2014 will go down in history as the year of marriage equality.
Same-sex marriage bans have fallen like dominoes across the United States since the Supreme Court ruled in 2013 that the Defense of Marriage Act was unconstitutional. Lower courts have used the rationale in the Windsor v. United States ruling to throw out marriage bans.
The movement towards full marriage equality has been rapid in the past year. The number of states that legally recognized same-sex marriage doubled in 2014. 35 states plus the District of Columbia now recognize same-sex marriage and issue marriage licenses to same-sex couples.
Alaska, Arizona, Colorado, Idaho, Indiana, Illinois, Kansas, Oklahoma, Montana, Nevada, New Mexico, North Carolina, Pennsylvania, South Carolina, Utah, Virginia, Wisconsin, West Virginia, and Wyoming all saw same-sex marriage legalized in 2014.
All of those states, with the exception of Illinois, were the result of court rulings striking down marriage bans.
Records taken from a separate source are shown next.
(* Let $0\le\gamma_1<\dots<\gamma_p\le1$, $\boldsymbol\alpha=(\alpha_1,\dots,\alpha_p)\in(0,1)^p$ with $\sum_i\alpha_i=1$, and for each $i$ let $(\gamma_{i,n})_n$ be $[0,1]$-valued with $|\gamma_{i,n}-\gamma_i|=O(1/n)$. Let $\phi_{n,\boldsymbol\alpha,\boldsymbol\gamma_n}(u)=\sum_{i=1}^p\alpha_i\phi_{n,\gamma_{i,n}}(u)$. Then for every $i\in\{1,\dots,p\}$ there exists $\delta_i>0$ such that, whenever $\gamma_i-\delta_i<a<b<\gamma_i$ or $\gamma_i<b<a<\gamma_i+\delta_i$ (with $a,b\in(0,1)$), $\phi_{n,\boldsymbol\alpha,\boldsymbol\gamma_n}'(a)/\phi_{n,\boldsymbol\alpha,\boldsymbol\gamma_n}'(b)\to0$ as $n\to\infty$.
   Context: $[x]$ is the integer part. $\phi_{n,\alpha}(t)=\sum_{j=1+[(n-1)\alpha]}^n\binom{n}{j}t^j(1-t)^{n-j}$, $t\in[0,1]$. *)

From Stdlib Require Import Reals ZArith Arith.
From Coquelicot Require Import Coquelicot.
Open Scope R_scope.

Definition phi_lo (n : nat) (alpha : R) : nat :=
  Z.to_nat (1 + Int_part ((INR n - 1) * alpha))%Z.

Definition phi (n : nat) (alpha : R) (t : R) : R :=
  sum_f_R0 (fun j => if Nat.leb (phi_lo n alpha) j
                     then Binomial.C n j * t ^ j * (1 - t) ^ (n - j)
                     else 0) n.

(* Mixture phi_{n, alpha, gamma_n}(u) = sum_{i<p} alpha_i phi_{n, gamma_{i,n}}(u)
   (indices 0..p-1 instead of 1..p). *)
Definition phi_mix (p : nat) (alpha : nat -> R) (gn : nat -> nat -> R)
  (n : nat) (u : R) : R :=
  sum_f_R0 (fun i => alpha i * phi n (gn i n) u) (p - 1).

From Stdlib Require Import Reals ZArith Arith Lra Lia.
From Coquelicot Require Import Coquelicot.
Open Scope R_scope.

(* With c = [(n-1) g], the tail phi_{n,g}(t) = P(Bin(n,t) > c) has derivative
   n B_{n-1,c}(t), where B_{m,c}(t) = C(m,c) t^c (1-t)^(m-c) is a Bernstein
   polynomial: the term-wise derivatives of the binomial sum telescope.  Hence
   the derivative of the mixture is n sum_j alpha_j B_{n-1,c_j}(t), and its
   ratio at a and b is at most sum_j (alpha_j/alpha_i) B_{c_j}(a)/B_{c_i}(b).
   It thus suffices that each of these finitely many ratios tends to 0.

   Two estimates on the Bernstein basis do the work: exponential tilting,
   B_c(u) <= B_c(v) exp((u-v)(c-mv)/(v(1-v))), and the mode bound
   1 <= (m+1) B_c(c/m).  Since c_j = (n-1) gamma_j + O(1), the term j = i is
   at most n exp(K - kappa n) because b lies strictly between a and gamma_i;
   for j <> i the upper bound at a (tilted from the midpoint of a and gamma_j)
   decays like exp(-n (a - gamma_j)^2), while the lower bound at b loses only
   exp(-n (gamma_i - b)^2/(b(1-b))), which is smaller once delta is chosen
   small compared with the gap between gamma_i and the other gamma_j. *)

Definition bern (m c : nat) (t : R) : R :=
  Binomial.C m c * t ^ c * (1 - t) ^ (m - c).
Over 60 percent of the United States population now reside in states where same-sex marriage is legal.
Indiana saw its ban struck down in June. Marriage licenses were issued in Indiana for several days prior to the state’s appeal. Indiana Governor Mike Pence instructed the state’s agencies to not recognize those marriages.
Ultimately, the 7th Circuit Court of Appeals, which has jurisdiction over Indiana, Illinois and Wisconsin, stuck down the Indiana and Wisconsin bans.
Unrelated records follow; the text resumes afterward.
(* Let $0<\gamma<1$, $p\ge2$ an integer, and $$\beta_{\gamma,p}:=\min\left\{\frac{1-\gamma}{2p}\log\Bigl(\frac{2p}{p+1}\Bigr),\ \frac{1-\gamma}{8\,p^\gamma(p-1)^{1-\gamma}}\right\}.$$ Then for every $j\ge p$, $$(c_\gamma^{(p)})_j\le (c_\gamma)_p\,(1-\beta_{\gamma,p})^{j-p},$$ and moreover $\frac{1-\gamma}{8p}\le\beta_{\gamma,p}\le\frac{1-\gamma}{4p}$.
   Context: $\log$ is the natural logarithm. $(c_\gamma)_j$ is defined by $(1-x)^{-\gamma}=\sum_{j\ge0}(c_\gamma)_jx^j$; $(\tilde c_\gamma)_k$ by $(1-x)^{\gamma}=\sum_{k\ge0}(\tilde c_\gamma)_kx^k$ ($|x|<1$). The sequence $(c_\gamma^{(p)})_j$ is defined by $(c_\gamma^{(p)})_0=1$ and $(c_\gamma^{(p)})_j=-\sum_{k=1}^{\min\{p-1,j\}}(\tilde c_\gamma)_k(c_\gamma^{(p)})_{j-k}$ for $j\ge1$; its first $n$ terms are the subdiagonal entries of the lower-triangular Toeplitz matrix $C_\gamma^{(p)}$, the inverse of the $n\times n$ lower-triangular Toeplitz matrix with $r$-th subdiagonal $(\tilde c_\gamma)_r$ for $r\le p-1$ and $0$ otherwise. *)

From Stdlib Require Import Reals List Lra Lia.
Import ListNotations.
Open Scope R_scope.

Fixpoint gbinom (a : R) (k : nat) : R :=
  match k with
  | O => 1
  | S k' => gbinom a k' * (a - INR k') / INR (S k')
  end.

(* (1-x)^{-g} = sum_j (c_g)_j x^j  (binomial series): (c_g)_j = (-1)^j binom(-g, j) *)
Definition c_gam (g : R) (j : nat) : R := (-1) ^ j * gbinom (- g) j.

(* (1-x)^{g} = sum_k (ct_g)_k x^k : (ct_g)_k = (-1)^k binom(g, k) *)
Definition ct_gam (g : R) (k : nat) : R := (-1) ^ k * gbinom g k.

Fixpoint cp_list (g : R) (p : nat) (n : nat) : list R :=
  match n with
  | O => [1]
  | S n' =>
      let l := cp_list g p n' in
      l ++ [ - fold_right Rplus 0
               (map (fun k => ct_gam g k * nth (S n' - k) l 0)
                    (seq 1 (Nat.min (p - 1) (S n')))) ]
  end.

Definition cp_gam (g : R) (p : nat) (j : nat) : R := nth j (cp_list g p j) 0.

Definition beta_gp (g : R) (p : nat) : R :=
  Rmin ((1 - g) / (2 * INR p) * ln (2 * INR p / (INR p + 1)))
       ((1 - g) / (8 * Rpower (INR p) g * Rpower (INR p - 1) (1 - g))).

(* Up to index p-1 the truncated recursion coincides with the convolution identity
   (1-x)^g (1-x)^(-g) = 1, so (c^(p))_j = (c_g)_j for j < p, and (c^(p))_p = (c_g)_p + (ct_g)_p
   with (ct_g)_p < 0.  The ratios (c_g)_(k+1) / (c_g)_k = (k+g)/(k+1) are at most
   r = 1 - (1-g)/p for k < p, and for j > p the term (c^(p))_j is a combination of the p-1
   previous terms with the positive weights -(ct_g)_k, so the one-step decay
   (c^(p))_(j+1) <= r (c^(p))_j propagates by strong induction.  Finally
   beta <= (1-g)/(4p) <= 1 - r, so the rate 1 - beta is slower than r. *)

From Stdlib Require Import Reals Lra Lia List Wf_nat.
Open Scope R_scope.

Lemma length_cp_list g p n : length (cp_list g p n) = S n.
Proof. induction n as [|n IH]; simpl; [reflexivity|]. rewrite length_app, IH; simpl; lia. Qed.

Lemma nth_cp_list g p n i : (i <= n)%nat -> nth i (cp_list g p n) 0 = cp_gam g p i.
Proof.
  induction n as [|n IH]; intros Hi.
  - replace i with 0%nat by lia; reflexivity.
  - destruct (Nat.eq_dec i (S n)) as [->|Hne]; [reflexivity|].
    simpl cp_list. rewrite app_nth1 by (rewrite length_cp_list; lia). apply IH; lia.
Qed.

Lemma fold_right_map_seq (f : nat -> R) s m :
  fold_right Rplus 0 (map f (seq s (S m))) = sum_f_R0 (fun i => f (s + i)%nat) m.
Proof.
  revert s; induction m as [|m IH]; intros s.
  - simpl. rewrite Nat.add_0_r; ring.
  - change (seq s (S (S m))) with (s :: seq (S s) (S m)).
    rewrite map_cons; cbn [fold_right]. rewrite IH, (decomp_sum _ (S m)) by lia.
    simpl pred. rewrite Nat.add_0_r. f_equal. apply sum_eq; intros i _; f_equal; lia.
Qed.

Lemma cp_gam_rec g p j : (2 <= p)%nat -> (1 <= j)%nat ->
  cp_gam g p j =
  - sum_f_R0 (fun i => ct_gam g (S i) * cp_gam g p (j - S i)) (Nat.min (p - 1) j - 1).
Proof.
  intros Hp Hj. destruct j as [|n]; [lia|].
  unfold cp_gam at 1; simpl cp_list.
  rewrite <- (length_cp_list g p n) at 1. rewrite nth_middle.
  replace (Nat.min (p - 1) (S n)) with (S (Nat.min (p - 1) (S n) - 1)) at 1 by lia.
  rewrite fold_right_map_seq. f_equal. apply sum_eq; intros i Hi.
  replace (1 + i)%nat with (S i) by lia. rewrite nth_cp_list by lia. reflexivity.
Qed.

Lemma ct_gam_0 g : ct_gam g 0 = 1.
Proof. unfold ct_gam; simpl; ring. Qed.

Lemma c_gam_0 g : c_gam g 0 = 1.
Proof. unfold c_gam; simpl; ring. Qed.

Lemma ct_gam_S g k : ct_gam g (S k) = ct_gam g k * ((INR k - g) / INR (S k)).
Proof. unfold ct_gam; cbn [gbinom pow]. field. apply not_0_INR; lia. Qed.

Lemma c_gam_S g k : c_gam g (S k) = c_gam g k * ((INR k + g) / INR (S k)).
Proof. unfold c_gam; cbn [gbinom pow]. field. apply not_0_INR; lia. Qed.

Lemma ct_gam_lt0 g k : 0 < g < 1 -> (1 <= k)%nat -> ct_gam g k < 0.
Proof.
  intros Hg Hk. induction k as [|k IH]; [lia|].
  rewrite ct_gam_S. destruct (Nat.eq_dec k 0) as [->|Hk0].
  - rewrite ct_gam_0; simpl; lra.
  - assert (H1 : 1 <= INR k) by (apply (le_INR 1); lia).
    assert (0 < (INR k - g) / INR (S k)) by (apply Rdiv_lt_0_compat; [lra|apply lt_0_INR; lia]).
    specialize (IH ltac:(lia)). nra.
Qed.

Lemma c_gam_gt0 g k : 0 < g -> 0 < c_gam g k.
Proof.
  intros Hg. induction k as [|k IH]; [rewrite c_gam_0; lra|].
  rewrite c_gam_S.
  assert (0 < (INR k + g) / INR (S k)).
  { apply Rdiv_lt_0_compat; [pose proof (pos_INR k); lra|apply lt_0_INR; lia]. }
  nra.
Qed.

Definition conv_ct_c g n := sum_f_R0 (fun k => ct_gam g k * c_gam g (n - k)) n.

(* Both factors satisfy first-order recurrences ((1-x) f' = g f resp. -g f), and
   splitting [n+1 = k + (n+1-k)] inside the sum turns them into [n+1] conv = [n] conv. *)
Lemma conv_ct_c_succ g n : INR (S n) * conv_ct_c g (S n) = INR n * conv_ct_c g n.
Proof.
  unfold conv_ct_c.
  assert (Hsplit : INR (S n) * sum_f_R0 (fun k => ct_gam g k * c_gam g (S n - k)) (S n)
     = sum_f_R0 (fun k => INR k * ct_gam g k * c_gam g (S n - k)) (S n)
     + sum_f_R0 (fun k => INR (S n - k) * ct_gam g k * c_gam g (S n - k)) (S n)).
  { rewrite <- plus_sum, scal_sum. apply sum_eq; intros i Hi.
    rewrite minus_INR by lia. ring. }
  assert (Hct : sum_f_R0 (fun k => INR k * ct_gam g k * c_gam g (S n - k)) (S n)
     = sum_f_R0 (fun k => (INR k - g) * ct_gam g k * c_gam g (n - k)) n).
  { rewrite decomp_sum by lia. simpl pred. simpl (INR 0).
    rewrite !Rmult_0_l, Rplus_0_l. apply sum_eq; intros i _.
    rewrite ct_gam_S. simpl (S n - S i)%nat. field. apply not_0_INR; lia. }
  assert (Hc : sum_f_R0 (fun k => INR (S n - k) * ct_gam g k * c_gam g (S n - k)) (S n)
     = sum_f_R0 (fun k => (INR n - INR k + g) * ct_gam g k * c_gam g (n - k)) n).
  { rewrite tech5, Nat.sub_diag. simpl (INR 0). rewrite !Rmult_0_l, Rplus_0_r.
    apply sum_eq; intros i Hi. replace (S n - i)%nat with (S (n - i)) by lia.
    rewrite c_gam_S, minus_INR by lia. field. apply not_0_INR; lia. }
  rewrite Hsplit, Hct, Hc, <- plus_sum, scal_sum. apply sum_eq; intros; ring.
Qed.

Lemma conv_ct_c_S g n : conv_ct_c g (S n) = 0.
Proof.
  induction n as [|n IH].
  - pose proof (conv_ct_c_succ g 0) as H. simpl (INR 0) in H. simpl (INR 1) in H. lra.
  - pose proof (conv_ct_c_succ g (S n)) as H. rewrite IH, Rmult_0_r in H.
    apply Rmult_integral in H as [H|H]; [|exact H].
    exfalso; apply (not_0_INR (S (S n))); [lia|exact H].
Qed.

Lemma c_gam_rec g n :
  c_gam g (S n) = - sum_f_R0 (fun i => ct_gam g (S i) * c_gam g (S n - S i)) n.
Proof.
  pose proof (conv_ct_c_S g n) as H. unfold conv_ct_c in H.
  rewrite decomp_sum in H by lia. simpl pred in H. rewrite ct_gam_0, Nat.sub_0_r in H. lra.
Qed.

Lemma cp_gam_eq_c_gam g p j : (2 <= p)%nat -> (j < p)%nat -> cp_gam g p j = c_gam g j.
Proof.
  intros Hp. induction j as [j IH] using lt_wf_ind. intros Hj.
  destruct j as [|m]; [unfold cp_gam; simpl; rewrite c_gam_0; reflexivity|].
  rewrite cp_gam_rec, c_gam_rec by lia.
  replace (Nat.min (p - 1) (S m) - 1)%nat with m by lia.
  f_equal. apply sum_eq; intros i Hi. rewrite IH by lia. reflexivity.
Qed.

Lemma cp_gam_p g p : (2 <= p)%nat -> cp_gam g p p = c_gam g p + ct_gam g p.
Proof.
  intros Hp. destruct p as [|n]; [lia|].
  rewrite cp_gam_rec, c_gam_rec by lia.
  replace (Nat.min (S n - 1) (S n) - 1)%nat with (n - 1)%nat by lia.
  pose proof (tech5 (fun i => ct_gam g (S i) * c_gam g (S n - S i)) (n - 1)) as Hlast.
  replace (S (n - 1)) with n in Hlast by lia.
  rewrite Hlast, Nat.sub_diag, c_gam_0.
  assert (Hsum : sum_f_R0 (fun i => ct_gam g (S i) * cp_gam g (S n) (S n - S i)) (n - 1)
               = sum_f_R0 (fun i => ct_gam g (S i) * c_gam g (S n - S i)) (n - 1)).
  { apply sum_eq; intros i Hi. rewrite cp_gam_eq_c_gam by lia. reflexivity. }
  rewrite Hsum. ring.
Qed.

Section Decay.

Variables (g : R) (p : nat) (r : R).
Hypotheses (Hg : 0 < g < 1) (Hp : (2 <= p)%nat) (Hr : 1 - (1 - g) / INR p <= r).

Lemma c_gam_S_le k : (S k <= p)%nat -> c_gam g (S k) <= r * c_gam g k.
Proof.
  intros Hk. rewrite c_gam_S. pose proof (c_gam_gt0 g k (proj1 Hg)).
  enough ((INR k + g) / INR (S k) <= r) by nra.
  assert (HSk : 0 < INR (S k) <= INR p) by (split; [apply lt_0_INR | apply le_INR]; lia).
  apply Rle_trans with (1 - (1 - g) / INR p); [|exact Hr].
  replace ((INR k + g) / INR (S k)) with (1 - (1 - g) / INR (S k))
    by (rewrite S_INR in *; field; lra).
  apply Rplus_le_compat_l, Ropp_le_contravar. unfold Rdiv.
  apply Rmult_le_compat_l; [lra|]. apply Rinv_le_contravar; lra.
Qed.

Lemma cp_gam_S_le i : cp_gam g p (S i) <= r * cp_gam g p i.
Proof.
  induction i as [i IH] using lt_wf_ind.
  destruct (Nat.lt_trichotomy (S i) p) as [Hlt|[Heq|Hgt]].
  - rewrite !cp_gam_eq_c_gam by lia. apply c_gam_S_le; lia.
  - rewrite Heq, cp_gam_p, cp_gam_eq_c_gam by lia.
    pose proof (ct_gam_lt0 g p Hg ltac:(lia)).
    pose proof (c_gam_S_le i ltac:(lia)) as Hc. rewrite Heq in Hc. lra.
  - rewrite (cp_gam_rec g p (S i)), (cp_gam_rec g p i) by lia.
    replace (Nat.min (p - 1) (S i) - 1)%nat with (p - 2)%nat by lia.
    replace (Nat.min (p - 1) i - 1)%nat with (p - 2)%nat by lia.
    rewrite <- Ropp_mult_distr_r, scal_sum. apply Ropp_le_contravar, sum_Rle; intros k Hk.
    replace (S i - S k)%nat with (S (i - S k)) by lia.
    pose proof (IH (i - S k)%nat ltac:(lia)).
    pose proof (ct_gam_lt0 g (S k) Hg ltac:(lia)). nra.
Qed.

Lemma cp_gam_le_geometric j : (p <= j)%nat -> cp_gam g p j <= c_gam g p * r ^ (j - p).
Proof.
  intros Hj. assert (Hr0 : 0 <= r).
  { assert (2 <= INR p) by (apply (le_INR 2); lia).
    assert ((1 - g) / INR p <= 1) by (apply Rmult_le_reg_r with (INR p); [lra|];
      unfold Rdiv; rewrite Rmult_assoc, Rinv_l; lra).
    lra. }
  replace j with (p + (j - p))%nat at 1 by lia.
  induction (j - p)%nat as [|d IH].
  - rewrite Nat.add_0_r, cp_gam_p by lia. pose proof (ct_gam_lt0 g p Hg ltac:(lia)). simpl; lra.
  - replace (p + S d)%nat with (S (p + d)) by lia.
    eapply Rle_trans; [apply cp_gam_S_le|]. simpl.
    apply Rmult_le_compat_l with (r := r) in IH; [lra|exact Hr0].
Qed.

End Decay.

Lemma exp_quarter_lt : exp (1/4) < 4/3.
Proof.
  pose proof (exp_ineq1 (-(1/4)) ltac:(lra)).
  pose proof (exp_plus (1/4) (-(1/4))) as Hplus.
  replace (1/4 + - (1/4)) with 0 in Hplus by ring. rewrite exp_0 in Hplus.
  pose proof (exp_pos (1/4)). nra.
Qed.

Lemma ln_ratio_ge x : 2 <= x -> 1/4 <= ln (2 * x / (x + 1)).
Proof.
  intros Hx. rewrite <- (ln_exp (1/4)). left. apply ln_increasing; [apply exp_pos|].
  apply Rlt_le_trans with (4/3); [exact exp_quarter_lt|].
  apply Rmult_le_reg_r with (x + 1); [lra|].
  replace (2 * x / (x + 1) * (x + 1)) with (2 * x) by (field; lra). lra.
Qed.

Lemma Rpower_interp_bounds x g : 0 <= g <= 1 -> 2 <= x ->
  x / 2 <= Rpower x g * Rpower (x - 1) (1 - g) <= x.
Proof.
  intros Hg Hx.
  assert (Hsplit : forall y, 0 < y -> Rpower y g * Rpower y (1 - g) = y).
  { intros y Hy. rewrite <- Rpower_plus. replace (g + (1 - g)) with 1 by ring.
    apply Rpower_1, Hy. }
  assert (Hpos : forall a b, 0 <= Rpower a b) by (intros; left; apply exp_pos).
  split.
  - rewrite <- (Hsplit (x / 2)) at 1 by lra.
    apply Rmult_le_compat; auto; apply Rle_Rpower_l; lra.
  - apply Rle_trans with (Rpower x g * Rpower x (1 - g)); [|rewrite Hsplit; lra].
    apply Rmult_le_compat_l; [auto|]. apply Rle_Rpower_l; lra.
Qed.

Lemma beta_gp_bounds g p : 0 < g < 1 -> (2 <= p)%nat ->
  (1 - g) / (8 * INR p) <= beta_gp g p <= (1 - g) / (4 * INR p).
Proof.
  intros Hg Hp. assert (HP : 2 <= INR p) by (apply (le_INR 2); lia).
  pose proof (ln_ratio_ge (INR p) HP) as Hln.
  pose proof (Rpower_interp_bounds (INR p) g ltac:(lra) HP) as HX.
  unfold beta_gp. set (P := INR p) in *.
  set (X := Rpower P g * Rpower (P - 1) (1 - g)) in *.
  replace (8 * Rpower P g * Rpower (P - 1) (1 - g)) with (8 * X) by (unfold X; ring).
  split.
  - apply Rmin_glb.
    + replace ((1 - g) / (8 * P)) with ((1 - g) / (2 * P) * (1 / 4)) by (field; lra).
      apply Rmult_le_compat_l; [|exact Hln]. left; apply Rdiv_lt_0_compat; lra.
    + unfold Rdiv. apply Rmult_le_compat_l; [lra|]. apply Rinv_le_contravar; lra.
  - apply Rle_trans with ((1 - g) / (8 * X)); [apply Rmin_r|].
    unfold Rdiv. apply Rmult_le_compat_l; [lra|]. apply Rinv_le_contravar; lra.
Qed.

Theorem mainTheorem6 (g : R) (p : nat) :
  0 < g < 1 -> (2 <= p)%nat ->
  (forall j : nat, (p <= j)%nat ->
     cp_gam g p j <= c_gam g p * (1 - beta_gp g p) ^ (j - p)) /\
  (1 - g) / (8 * INR p) <= beta_gp g p <= (1 - g) / (4 * INR p).
Proof.
  intros Hg Hp. pose proof (beta_gp_bounds g p Hg Hp) as Hbeta.
  split; [|exact Hbeta].
  intros j Hj. apply cp_gam_le_geometric; [exact Hg|exact Hp| |exact Hj].
  assert (HP : 2 <= INR p) by (apply (le_INR 2); lia).
  assert ((1 - g) / (4 * INR p) <= (1 - g) / INR p).
  { unfold Rdiv. apply Rmult_le_compat_l; [lra|]. apply Rinv_le_contravar; lra. }
  lra.
Qed.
“It was tradition to not allow blacks and whites to marry – a tradition that got swept away,” Judge Richard Posner, a Reagan appointee, said during the hearing. Posner called the state’s same-sex marriage ban “a tradition of hate … and savage discrimination.”
Indiana appealed the ruling to the Supreme Court, which declined to hear the case, paving the way for marriage equality in Indiana and ten other states.
Bans have also been overturned in Arkansas, Mississippi and Texas but the rulings have been stayed pending appeal.
The state of Florida has thus far refused to allow same-sex couples to apply for marriage licenses following a ruling that the state’s ban was unconstitutional. Florida’s attorney general has asked a federal judge to clarify if his ruling applied to all 67 counties.
Only two federal courts have sided with states defending their marriage bans. A federal judge in Louisiana upheld that state’s same-sex marriage ban, while the 6th Circuit Court of Appeals upheld bans in Michigan, Ohio, Kentucky and Tennessee.
The 6th Circuit ruling increases the likelihood that the Supreme Court will make a final decision on the issue in 2015. Same-sex couples have appealed that ruling to the Supreme Court.
If the Supreme Court takes the case and rules in favor of marriage equality, same-sex marriage would become legal in all 50 states.